Les aînés plus à risque
Aux yeux de Sébastien Lord et de la professeure à l’INRS Marie-Soleil Cloutier, qui a travaillé sur la même étude, certains de ces aménagements doivent cependant être particulièrement repensés pour les personnes âgées, plus impliquées dans les accidents mortels.
Le bilan routier de la SAAQ précise que plus de la moitié (soit 55,6%) des piétons décédés l’année passée étaient âgés de 65 ans et plus. Rien qu’à Montréal, des 15 piétons ayant perdu la vie en 2016, 12 étaient âgés de 60 ans et plus, d’après le Service de police de la Ville de Montréal, qui a publié son rapport annuel récemment.

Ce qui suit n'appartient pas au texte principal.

Theorem corollary3p3
  (Hcl : space_class)
  (Hcl_cat0 : forall (X : Type) (d : X -> X -> R), Hcl X d -> complete_CAT0 d)
  (H N G Q : group)
  (hypH : hyperbolic_group H) (neH : non_elementary H)
  (fixH : forall (X : Type) (d : X -> X -> R), Hcl X d ->
     forall act : H -> X -> X, isometric_action H d act ->
     exists x : X, forall h : H, act h x = x)
  (fpQ : finitely_presented Q)
  (i : N -> G) (p : G -> Q) (ses : short_exact i p)
  (hypG : hyperbolic_group G)
  (quotN : exists f : H -> N, is_hom f /\ forall n : N, exists h, f h = n) :
  forall (X : Type) (d : X -> X -> R), Hcl X d ->
    (forall a : G -> X -> X, minimal_action G d a ->
       forall (n : N) (x : X), a (i n) x = x) /\
    (forall b : Q -> X -> X, minimal_action Q d b ->
       minimal_action G d (fun g => b (p g))) /\
    (forall a : G -> X -> X, minimal_action G d a ->
       (exists b : Q -> X -> X, minimal_action Q d b /\
          forall g x, a g x = b (p g) x) /\
       (forall b b' : Q -> X -> X,
          (forall g x, a g x = b (p g) x) -> (forall g x, a g x = b' (p g) x) ->
          forall q x, b q x = b' q x)).
Proof.
  intros X d HX.
  destruct (Hcl_cat0 X d HX) as [Hcat _].
  destruct quotN as (f & hf & fsurj).
  pose proof ses as (hi & hp & _ & psurj & _).
  assert (trivN : forall a, minimal_action G d a -> forall n x, a (i n) x = x).
  { intros a Ha. apply (minimal_action_normal_trivial d ses a Hcat Ha).
    destruct (fixH X d HX (fun h => a (i (f h)))) as [x0 Hx0].
    - apply (isometric_action_hom d f (fun n => a (i n)) hf).
      exact (isometric_action_hom d i a hi (proj1 Ha)).
    - exists x0. intro n. destruct (fsurj n) as [h <-]. apply Hx0. }
  split; [exact trivN|split].
  - intros b Hb. exact (minimal_action_hom_surj d p b hp psurj Hb).
  - intros a Ha. split.
    + destruct (isometric_action_factor d ses a (proj1 Ha) (trivN a Ha))
        as (b & Hb & Eab).
      exists b. split; [exact (minimal_action_factor d p a b psurj Hb Ha Eab)|exact Eab].
    + intros b b' Eb Eb' q x. destruct (psurj q) as [g <-].
      rewrite <- Eb, <- Eb'. reflexivity.
Qed.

Pour Jeanne Robin, cette situation est de plus en plus préoccupante. «Le vieillissement de la population ne va pas s’arrêter. Et si on souhaite que les personnes âgées restent actives pour être en santé — et marcher au quotidien y contribue —, il faut que ça change», s’alarme-t-elle.
Reconnaissant leur fragilité physique, qui pourrait expliquer en partie leur difficulté à se remettre d’une collision, Mme Cloutier pense que l’aménagement urbain pousse les aînés, malgré eux, à mettre leur vie en danger en marchant dans la ville.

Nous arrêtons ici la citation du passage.